Dr Littlewood has held a number of research and managerial roles at the Museum since the early 1990s and has been Head of Life Sciences at the Museum since 2013. As Director of Science he will work with other the other members of the Executive Board to determine the strategic direction and overall management of the Museum.
Director of the Natural History Museum Sir Michael Dixon says: “After a global search and interviewing exceptional candidates I am delighted to have appointed Tim to this role. It is a ringing endorsement of the quality of the Museum’s science and our ability to develop our own talent that such an exceptional candidate comes from within.”
Reporting directly to Sir Michael Dixon, Dr Littlewood will devise and implement a new vision for the future of the science of natural history that builds on the Museum’s world-respected expertise. He will provide leadership on all scientific activities which include the pioneering work of the Museum’s 350 scientists who are using the latest genomic and digital technologies to advance our understanding of some of the biggest issues facing humanity and the planet.
Securing the future of the Museum’s unique collection of 80 million specimens will form a vital element of the role. This colossal and diverse collection is one of the most important natural history resources in the world and is in constant use by the global scientific community. Dr Littlewood will oversee plans to ensure the collection’s future will be protected and developed as well as improve access for both the public and visiting researchers.

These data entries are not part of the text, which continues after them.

(* For any $F$-weighted boundary stratum $\mathcal{S}$, the cone $C(\mathcal{S})\subset\mathbf{S}_{\mathbb{Q}}(F)$ strictly contains the subspace $N(\mathcal{S})$.
   Context: $F$ is a totally real number field of degree $g$ with trace pairing $\langle x,y\rangle=\mathrm{Tr}_{F/\mathbb{Q}}(xy)$. An $F$-weighted stable curve is a stable curve of arithmetic genus $g$ and geometric genus $0$ with an element of a lattice $\mathcal{I}\subset F$ (rank $g$ additive subgroup) attached to each branch at each node, such that the two branches at a node have opposite weights, the weights on each component sum to zero, and the weights span $\mathcal{I}$. An $F$-weighted boundary stratum $\mathcal{S}$ is the moduli space of weighted stable curves topologically equivalent (weight-preservingly) to a fixed one; its weights are those of its nodes. $\mathrm{Sym}_{\mathbb{Q}}(F)\subset F\otimes_{\mathbb{Q}}F$ is the subspace of symmetric tensors, $\mathbf{S}_{\mathbb{Q}}(F)$ the quotient of $F\otimes_{\mathbb{Q}}F$ by the span of $x\otimes y-y\otimes x$, dual via $\langle a\otimes b,c\otimes d\rangle=\langle a,c\rangle\langle b,d\rangle$. $N(\mathcal{S})\subset\mathbf{S}_{\mathbb{Q}}(F)$ is the annihilator of the span of $\{r\otimes r: r\text{ a weight of }\mathcal{S}\}$, and $C(\mathcal{S})=\{x\in\mathbf{S}_{\mathbb{Q}}(F):\langle x,r\otimes r\rangle\geq 0\text{ for each weight } r\text{ of }\mathcal{S}\}$. *)

From HB Require Import structures.
From mathcomp Require Import all_boot all_order all_algebra all_field.
Set Implicit Arguments. Unset Strict Implicit. Unset Printing Implicit Defensive.
Import Order.TTheory GRing.Theory Num.Theory.
Local Open Scope ring_scope.

(* The number field F is modelled as a finite-dimensional field extension
   F : fieldExtType rat; its degree over Q is g := \dim {:F}. *)

Section FieldData.
Variable F : fieldExtType rat.

Definition totally_real : Prop :=
  forall (s : {rmorphism F -> algC}) (x : F), s x \is Num.real.

Definition fbasis := vbasis (fullv : {vspace F}).
Definition fb (i : 'I_(\dim {:F})) : F := tnth fbasis i.

(* Tr_{F/Q}(x) = trace of the Q-linear map y |-> x y *)
Definition trF (x : F) : rat :=
  \sum_(i < \dim {:F}) coord fbasis i (x * fb i).

Definition trpair (x y : F) : rat := trF (x * y).

(* F (x)_Q F, in coordinates w.r.t. the basis fb (x) fb:
   x = \sum_ij x i j fb i (x) fb j *)
Definition tensF := 'M[rat]_(\dim {:F}).

Definition tens (a b : F) : tensF :=
  \matrix_(i, j) (coord fbasis i a * coord fbasis j b).

(* bilinear pairing on F (x) F extending <a(x)b, c(x)d> = <a,c><b,d>;
   it descends to the duality between S_Q(F) and Sym_Q(F). *)
Definition tpair (x y : tensF) : rat :=
  \sum_(i < \dim {:F}) \sum_(j < \dim {:F}) \sum_(k < \dim {:F})
    \sum_(l < \dim {:F})
    x i j * y k l * trpair (fb i) (fb k) * trpair (fb j) (fb l).

(* the subspace of F (x) F spanned by the antisymmetric tensors
   x (x) y - y (x) x; S_Q(F) is the quotient by it *)
Definition antisymF : {vspace tensF} :=
  (\sum_(i < \dim {:F}) \sum_(j < \dim {:F})
     <[tens (fb i) (fb j) - tens (fb j) (fb i)]>)%VS.

Definition SQ_eq (x y : tensF) : Prop := (x - y) \in antisymF.

(* a lattice I in F: the Z-span of a Q-basis b of F *)
Definition is_lattice_basis (b : seq F) : Prop :=
  size b = \dim {:F} /\ free b.

Definition in_zspan (s : seq F) (x : F) : Prop := inIntSpan (in_tuple s) x.

End FieldData.

(* Combinatorial (dual graph) description of an F-weighted stable curve of
   arithmetic genus g and geometric genus 0 (all components rational, no
   marked points):
   - V : irreducible components, H : branches at nodes (half-edges);
   - vtx h : the component on which the branch h lies;
   - inv : fixed-point-free involution pairing the two branches of a node
     (inv h may lie on the same component: self-nodes allowed);
   - w h : weight in F attached to the branch h. *)
Section Curve.
Variables (F : fieldExtType rat) (V H : finType).
Variables (vtx : H -> V) (inv : H -> H) (w : H -> F).

Definition adjV : rel V :=
  fun x y => [exists h, (vtx h == x) && (vtx (inv h) == y)].

Definition stable_genus0_graph : Prop :=
  (0 < #|V|)%N /\
  [/\
      (forall h, inv (inv h) = h), (forall h, inv h != h),
      (forall x y, connect adjV x y),
      (* stability of each rational component: at least 3 special points *)
      (forall x, 3 <= #|[set h | vtx h == x]|)%N &
      (* arithmetic genus = #nodes - #components + 1 = g *)
      (#|H| + 2 = 2 * (#|V| + \dim {:F}))%N].

Definition F_weighted_stable_curve (b : seq F) : Prop :=
  [/\ stable_genus0_graph,
      (forall h, w (inv h) = - w h),
      (forall x, \sum_(h | vtx h == x) w h = 0) &
      (forall z, in_zspan [seq w h | h <- enum H] z <-> in_zspan b z)].

Definition weight_squares_span : {vspace tensF F} :=
  (\sum_(h : H) <[tens (w h) (w h)]>)%VS.

(* N(S): annihilator of the span of the r (x) r (as a predicate on
   representatives in F (x) F of elements of S_Q(F)) *)
Definition N_S (x : tensF F) : Prop :=
  forall y, y \in weight_squares_span -> tpair x y = 0.

Definition C_S (x : tensF F) : Prop :=
  forall h : H, 0 <= tpair x (tens (w h) (w h)).

End Curve.

From HB Require Import structures.
From mathcomp Require Import all_boot all_order all_algebra all_field.
From mathcomp Require Import ring.
Set Implicit Arguments. Unset Strict Implicit. Unset Printing Implicit Defensive.
Import Order.TTheory GRing.Theory Num.Theory.
Local Open Scope ring_scope.

(* For every t in F the pure square t (x) t lies in C(S), because
   <t (x) t, r (x) r> = Tr(t r)^2 is the square of a rational number.  The weights span a lattice of rank g > 0,
   hence some weight r is nonzero, and <r^-1 (x) r^-1, r (x) r> = Tr(1)^2 = g^2
   is nonzero: r^-1 (x) r^-1 lies in C(S) but not in N(S). *)

Section TracePairing.
Variable F : fieldExtType rat.
Local Notation n := (\dim {:F}).

Lemma fb_coord_expand (a : F) : a = \sum_(i < n) coord (fbasis F) i a *: fb i.
Proof.
rewrite {1}(coord_vbasis (memvf a)); apply: eq_bigr => i _.
by rewrite /fb (tnth_nth 0).
Qed.

Lemma trFD (x y : F) : trF (x + y) = trF x + trF y.
Proof. by rewrite /trF -big_split; apply: eq_bigr => i _; rewrite mulrDl linearD. Qed.

Lemma trF0 : trF (0 : F) = 0.
Proof. by rewrite /trF big1 // => i _; rewrite mul0r linear0. Qed.

Lemma trFZ (c : rat) (x : F) : trF (c *: x) = c * trF x.
Proof. by rewrite /trF mulr_sumr; apply: eq_bigr => i _; rewrite -scalerAl linearZ. Qed.

Lemma trF_sum (I : Type) (r : seq I) (P : pred I) (f : I -> F) :
  trF (\sum_(i <- r | P i) f i) = \sum_(i <- r | P i) trF (f i).
Proof. exact: (big_morph _ trFD trF0). Qed.

Lemma trF1 : trF (1 : F) = n%:R.
Proof.
rewrite /trF (eq_bigr (fun _ => 1)) ?sumr_const ?card_ord // => i _.
rewrite mul1r /fb (tnth_nth 0) coord_free ?eqxx //.
exact: basis_free (vbasisP _).
Qed.

Lemma trpair_coord (a c : F) : trpair a c =
  \sum_(i < n) \sum_(k < n)
    (coord (fbasis F) i a * coord (fbasis F) k c) * trpair (fb i) (fb k).
Proof.
rewrite /trpair {1}(fb_coord_expand a) {1}(fb_coord_expand c) mulr_suml trF_sum.
apply: eq_bigr => i _; rewrite mulr_sumr trF_sum; apply: eq_bigr => k _.
by rewrite -scalerAl -scalerAr !trFZ mulrA [_ * coord _ _ _]mulrC.
Qed.

Lemma tpair_tens (a b c d : F) :
  tpair (tens a b) (tens c d) = trpair a c * trpair b d.
Proof.
rewrite (trpair_coord a c) (trpair_coord b d) /tpair mulr_suml.
apply: eq_bigr => i _; rewrite exchange_big /= mulr_suml.
apply: eq_bigr => k _; rewrite mulr_sumr; apply: eq_bigr => j _.
rewrite mulr_sumr; apply: eq_bigr => l _.
rewrite !mxE; ring.
Qed.

Lemma tpair_tens_sqr (a c : F) :
  tpair (tens a a) (tens c c) = trpair a c ^+ 2.
Proof. by rewrite tpair_tens expr2. Qed.

Lemma trpair_Vf (r : F) : r != 0 -> trpair r^-1 r = n%:R.
Proof. by move=> r_neq0; rewrite /trpair mulVf // trF1. Qed.

End TracePairing.

Section IntegralSpan.
Variable F : fieldExtType rat.

Lemma in_zspan_mem (s : seq F) (x : F) : x \in s -> in_zspan s x.
Proof.
move=> xs; have ix : (index x s < size s)%N by rewrite index_mem.
exists [ffun i : 'I_(size s) => ((i == Ordinal ix) : nat)%:Z].
rewrite (bigD1 (Ordinal ix)) //= ffunE eqxx mulr1z nth_index //.
rewrite big1 ?addr0 // => i /negbTE i_neq.
by rewrite ffunE i_neq mulr0z.
Qed.

Lemma in_zspan_has_nonzero (s : seq F) (x : F) :
  in_zspan s x -> x != 0 -> has (predC1 0) s.
Proof.
case=> a ->; apply: contraLR => /hasPn s0.
rewrite negbK big1 // => i _.
by have /negbNE/eqP -> := s0 _ (mem_nth 0 (ltn_ord i)); rewrite mul0rz.
Qed.

Lemma lattice_basis_has_nonzero (b : seq F) :
  is_lattice_basis b -> has (predC1 0) b.
Proof.
case=> size_b free_b; apply/hasP.
have b_gt0 : (0 < size b)%N by rewrite size_b; exact: (adim_gt0 (aspacef F)).
exists b`_0; first exact: mem_nth.
apply: contraTneq free_b => b0_eq0.
rewrite free_directv negb_and; apply/orP; left.
by rewrite negbK -b0_eq0 mem_nth.
Qed.

End IntegralSpan.

Section Stratum.
Variables (F : fieldExtType rat) (V H : finType).
Variables (vtx : H -> V) (inv : H -> H) (w : H -> F).

Lemma weighted_curve_has_nonzero_weight (b : seq F) :
  is_lattice_basis b -> F_weighted_stable_curve vtx inv w b ->
  exists h, w h != 0.
Proof.
move=> /lattice_basis_has_nonzero /hasP [z zb /= z_neq0] [_ _ _ span_eq].
have /in_zspan_has_nonzero /(_ z_neq0) /hasP [_ /mapP [h _ ->] wh_neq0] :=
  proj2 (span_eq z) (in_zspan_mem zb).
by exists h.
Qed.

Lemma tens_weight_sqr_in_span h : tens (w h) (w h) \in weight_squares_span w.
Proof. exact: (subvP (sumv_sup h (P := xpredT) isT (subvv _))) (memv_line _). Qed.

Lemma N_S_sub_C_S x : N_S w x -> C_S w x.
Proof. by move=> Nx h; rewrite Nx ?tens_weight_sqr_in_span. Qed.

Lemma C_S_tens_sqr (t : F) : C_S w (tens t t).
Proof. by move=> h; rewrite tpair_tens_sqr sqr_ge0. Qed.

Lemma tens_inv_weight_notin_N_S h : w h != 0 ->
  ~ N_S w (tens (w h)^-1 (w h)^-1).
Proof.
move=> wh_neq0 /(_ _ (tens_weight_sqr_in_span h)) /eqP.
rewrite tpair_tens_sqr trpair_Vf // sqrf_eq0 pnatr_eq0.
by apply/negP; rewrite -lt0n; exact: (adim_gt0 (aspacef F)).
Qed.

End Stratum.

Theorem corollary3p2 (F : fieldExtType rat) (F_totally_real : totally_real F)
  (b : seq F) (Ib : is_lattice_basis b)
  (V H : finType) (vtx : H -> V) (inv : H -> H) (w : H -> F)
  (curve : F_weighted_stable_curve vtx inv w b) :
  (forall x, N_S w x -> C_S w x) /\
  (exists x : tensF F, C_S w x /\ ~ N_S w x).
Proof.
split; first exact: N_S_sub_C_S.
have [h wh_neq0] := weighted_curve_has_nonzero_weight Ib curve.
exists (tens (w h)^-1 (w h)^-1); split; first exact: C_S_tens_sqr.
exact: tens_inv_weight_notin_N_S.
Qed.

The Director of Science role will involve input into the Museum’s programme of special exhibitions and learning and outreach activities.
Dr Littlewood will continue his role as Individual Merit Researcher, Parasitic Worms Group, at the Museum. He is a member of the Royal Society International Networking Panel, and Taxonomic Advisor (Platyhelminthes) to NCBI GenBank. He has previously held lectureships and research positions at King's College, University of London, and Rutgers University. His research interests include the evolution of parasitism, the development and application of molecular tools for systematics and animal evolution.
Tim will retain the role of Head of Life Sciences in the short-term but will soon appoint an interim Head of Life Sciences before commencing the recruitment of his successor. He says: “Few institutions are both so diverse and simultaneously united in a common pursuit. The Natural History Museum is a cherished, enthusiastic and trusted scientific voice for the natural world.
“At a time when our present and our past are so vital in understanding and influencing our future, I feel privileged to be able to demonstrate the unparalleled importance of our collection in revealing how and why nature responds to change.
“Our future is changing rapidly. For real impact, partnerships will be paramount so I look forward to collaborating with others to amplify nature’s voice”.
Notes for editors
The Natural History Museum
The Natural History Museum exists to inspire a love of the natural world and unlock answers to the big issues facing humanity and the planet. It is a world-leading science research centre, and through its unique collection and unrivalled expertise it is tackling issues such as food security, eradicating diseases and managing resource scarcity.
The Natural History Museum is the most visited natural history museum in Europe and the top science attraction in the UK; we welcome around five million visitors each year and our website receives over 850,000 unique visitors a month. People come from around the world to enjoy our galleries and events and engage both in-person and online with our science and educational activities through innovative programmes and citizen science projects.